Variable names should be lowercase. Use _ to separate words within a name. Strive for concise but meaningful names (this is not easy!)

GOOD: no_of_rolls
BAD: noOfRolls, free

Function names have initial capital letters and are written in CamelCase

GOOD: CalculateAvgClicks
BAD: calculate_avg_clicks , calculateAvgClicks

If possible, make function names verbs.

Curly Braces

An opening curly brace should never go on its own line; a closing curly brace should always go on its own line.

GOOD:
if (x == 5) {
  y = 10
}
RtnX = function(x) {
  return(x)
}
BAD:
RtnX = function(x)
{
  return(x)
}

Functions

Functions must have a single return function just before the final brace

GOOD:
IsNegative = function(x){
  if (x < 0) {
    is_neg = TRUE
  } else {
    is_neg = FALSE
  }
  return(is_neg)
}
BAD:
IsNegative = function(x) {
  if (x < 0){
    return(TRUE)
  } else {
    return(FALSE)
  }
}

Of course, the above function could and should be simplified to
is_neg = (x < 0)

Commenting guidelines

Comment your code. Entire commented lines should begin with # and one space.  Comments should explain the why, not the what.

What’s missing

I decided against putting a section in on “spacing” , i.e. place spaces around all binary operators (=, +, -, etc.). I think spacing may be taking style a bit too far for a first year course.

Comments welcome!

About these ads

24 Comments »

  1. Maybe the GOOD RtnX function should return y instead of x.

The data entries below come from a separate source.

Lemma rat_row_dense (eta : 'rV[R]_n) {e : R} : 0 < e ->
  exists m, forall j, `|eta ord0 j - rat_row m ord0 j| < e.
Proof.
move=> e0; have near_rat j : exists r : rat, `|eta ord0 j - ratr r| < e.
  have lt_itv : eta ord0 j - e < eta ord0 j + e by rewrite ltrD2l gtrN.
  have [r] := rat_in_itvoo lt_itv.
  by rewrite in_itv /= -ltr_distlC; exists r.
have [f fP] := choice near_rat.
by exists (pickle (\row_j f j : 'rV[rat]_n)) => j; rewrite /rat_row pickleK !mxE.
Qed.

End rat_row.

Section cells.
Context {d : measure_display} {X : measurableType d}.
Implicit Types (A : set X) (H : nat -> set X).

Definition subpartition A {I : finType} (C : I -> set X) : Prop :=
  (forall i, measurable (C i) /\ C i `<=` A) /\
  (forall i j, i != j -> C i `&` C j = set0).

Lemma sum_le_vtotal_variation (R : realType) (T : Type) (f : T -> R)
    (m : set X -> T) A (I : finType) (C : I -> set X) :
  subpartition A C -> ((\sum_i f (m (C i)))%:E <= vtotal_variation f m A)%E.
Proof.
move=> [CA dC]; apply: ereal_sup_ubound.
exists #|I|, (fun i => C (enum_val i)); split => // [i j ij|].
  by apply: dC; apply: contra ij => /eqP/enum_val_inj ->.
congr EFin; rewrite (reindex (@enum_val I predT)) //.
by exists enum_rank => i _; [exact: enum_valK | exact: enum_rankK].
Qed.

Definition cell A H N (b : {ffun 'I_N -> bool}) : set X :=
  [set x | A x /\ forall i : 'I_N, (x \in H i) = b i].

Definition cell_index H N (x : X) : {ffun 'I_N -> bool} := [ffun i : 'I_N => x \in H i].

Lemma cell_index_mem A H N x : A x -> cell A H N (cell_index H N x) x.
Proof. by move=> Ax; split => // i; rewrite ffunE. Qed.
(* pi n : number of unordered decompositions of n as a product of at least
   two factors > 1.  An unordered decomposition is a multiset of factors,
   encoded by its multiplicity function e (e d = multiplicity of factor d);
   factors and multiplicities are at most n. *)
Definition pi_dec (n : nat) : nat :=
  #|[set e : {ffun 'I_n.+1 -> 'I_n.+1} |
      [&& [forall d : 'I_n.+1, (d <= 1) ==> (e d == ord0)],
          \prod_(d : 'I_n.+1) d ^ e d == n &
          1 < \sum_(d : 'I_n.+1) e d]]|.

From mathcomp Require Import all_boot fingroup perm.
From Stdlib Require Import FunctionalExtensionality.
From Stdlib Require List.
Set Implicit Arguments. Unset Strict Implicit. Unset Printing Implicit Defensive.

(* A finite residuated lattice, relabelled so that 0 and 1 are the least and
   the greatest ordinal, is determined by its order and its product: meet, join
   and residuum are the infimum, the supremum and the largest z with x ⊙ z <= y,
   and a product lies below both factors.  A search over all such orders and
   products on at most five elements, verified by reflection, shows that every
   BL- (resp. MV-) algebra with 2, 3, 4, 5 elements is isomorphic to one of
   1, 2, 5, 9 (resp. 1, 1, 2, 1) pairwise non-isomorphic representatives.  The
   representatives that are not MV-algebras are built as ordinal products of
   smaller BL-algebras, which gives (i); (ii) then follows from
   pi(2) = pi(3) = pi(5) = 0 and pi(4) = 1. *)

Section FiniteQuantifiers.
Variable T : finType.
(* The conclusion of the proposition for F - mu, where F is C^2 on R with F, F', F''
   globally bounded; the constant L is built from F alone, hence independent of mu. *)
Lemma C2_shift_estimates (F F1 F2 : R -> R) (M0 M1 M2 mu : R) :
  (forall x, is_derive F x (F1 x)) -> (forall x, is_derive F1 x (F2 x)) ->
  (forall x, continuous F2 x) ->
  (forall x, Rabs (F x) <= M0) -> (forall x, Rabs (F1 x) <= M1) ->
  (forall x, Rabs (F2 x) <= M2) ->
  let L := real (sup_abs F) + real (sup_abs F1) + real (sup_abs F2) in
  C2_R (fun x => F x - mu) /\
  Rbar_plus
    (Rbar_plus (sup_abs (fun x => F x - mu + mu)) (sup_abs (Derive (fun x => F x - mu))))
    (sup_abs (Derive (Derive (fun x => F x - mu)))) = Finite L /\
  (forall x y, Rabs ((F x - mu) - (F y - mu)) <= L * Rabs (x - y)) /\
  (forall x y, Rabs (Derive (fun x => F x - mu) x - Derive (fun x => F x - mu) y)
     <= L * Rabs (x - y)) /\
  (forall x, Rabs (F x - mu) <= L + Rabs mu).
Proof.
  intros D0 D1 C2 B0 B1 B2 L.
  assert (Dmu : forall x, is_derive (fun x => F x - mu) x (F1 x)).
  { intros x. evar (d : R). replace (F1 x) with d; unfold d.
    - apply (is_derive_minus F (fun _ => mu)); [apply D0 | apply is_derive_const].
    - unfold minus, plus, opp, zero; simpl. ring. }
  assert (E1 : Derive (fun x => F x - mu) = F1)
    by (apply functional_extensionality; intros x; apply is_derive_unique, Dmu).
  assert (E2 : Derive F1 = F2)
    by (apply functional_extensionality; intros x; apply is_derive_unique, D1).
  assert (E0 : (fun x => F x - mu + mu) = F)
    by (apply functional_extensionality; intros x; ring).
  destruct (sup_abs_finite F M0 B0) as [S0 H0].
  destruct (sup_abs_finite F1 M1 B1) as [S1 H1].
  destruct (sup_abs_finite F2 M2 B2) as [S2 H2].
  assert (P1 := Rle_trans _ _ _ (Rabs_pos (F1 0)) (H1 0)).
  assert (P2 := Rle_trans _ _ _ (Rabs_pos (F2 0)) (H2 0)).
  rewrite E1, E2, E0, S0, S1, S2.
  split; [|split; [reflexivity|split; [|split]]].
  - intros x. rewrite E1, E2.
    split; [eexists; apply Dmu | split; [eexists; apply D1 | apply C2]].
  - apply (lipschitz_of_derive_bound _ F1); [exact Dmu|]. intros x. specialize (H1 x).
    pose proof (Rle_trans _ _ _ (Rabs_pos (F x)) (H0 x)). unfold L; lra.
  - apply (lipschitz_of_derive_bound _ F2); [exact D1|]. intros x. specialize (H2 x).
    pose proof (Rle_trans _ _ _ (Rabs_pos (F x)) (H0 x)). unfold L; lra.
  - intros x. eapply Rle_trans; [apply Rabs_triang|]. rewrite Rabs_Ropp.
    specialize (H0 x). unfold L; lra.
Qed.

    Comment by Conor — November 23, 2010 @ 4:06 pm

    • Thanks. After looking at that section I decided to change the functions entirely. Naming functions is really tricky!

      Comment by csgillespie — November 23, 2010 @ 4:16 pm

  2. I’m pretty much an anarchist, yet still I think encouraging spaces is a good idea — both for readability and because of:

    x<2
    versus
    x<-2

    Comment by Pat Burns — November 23, 2010 @ 6:18 pm

    • Yes, I think you’re correct. In my original guide I had a section on spaces, then deleted it. I think I’ll have an “optional” section add the end of guide contain examples on spacing.

      Comment by csgillespie — November 23, 2010 @ 10:50 pm

  3. Coding style is obviously a personal choice, but I would suggest that “no_of_rolls” is a BAD choice.

    Using the underscores is legal, but goes against tradition in the S/R language.

    For example, function names in R are already an inconsistent mess:

    row.names, rownames
    browseURL, contrib.url, fixup.package.URLs
    package.contents, packageStatus
    mahalanobis, TukeyHSD
    getMethod, getS3method

    No need to make things even worse by introducing underscores.

    Comment by Kevin Wright — November 23, 2010 @ 7:08 pm

    • I realise that using underscores is generally frowned on. However, there are some functions in R base that use “_”. Just run grep("^[^\\.]*$", apropos("_"), value = T) Also, in the other languages I program in (python and C), it’s encouraged to use underscores.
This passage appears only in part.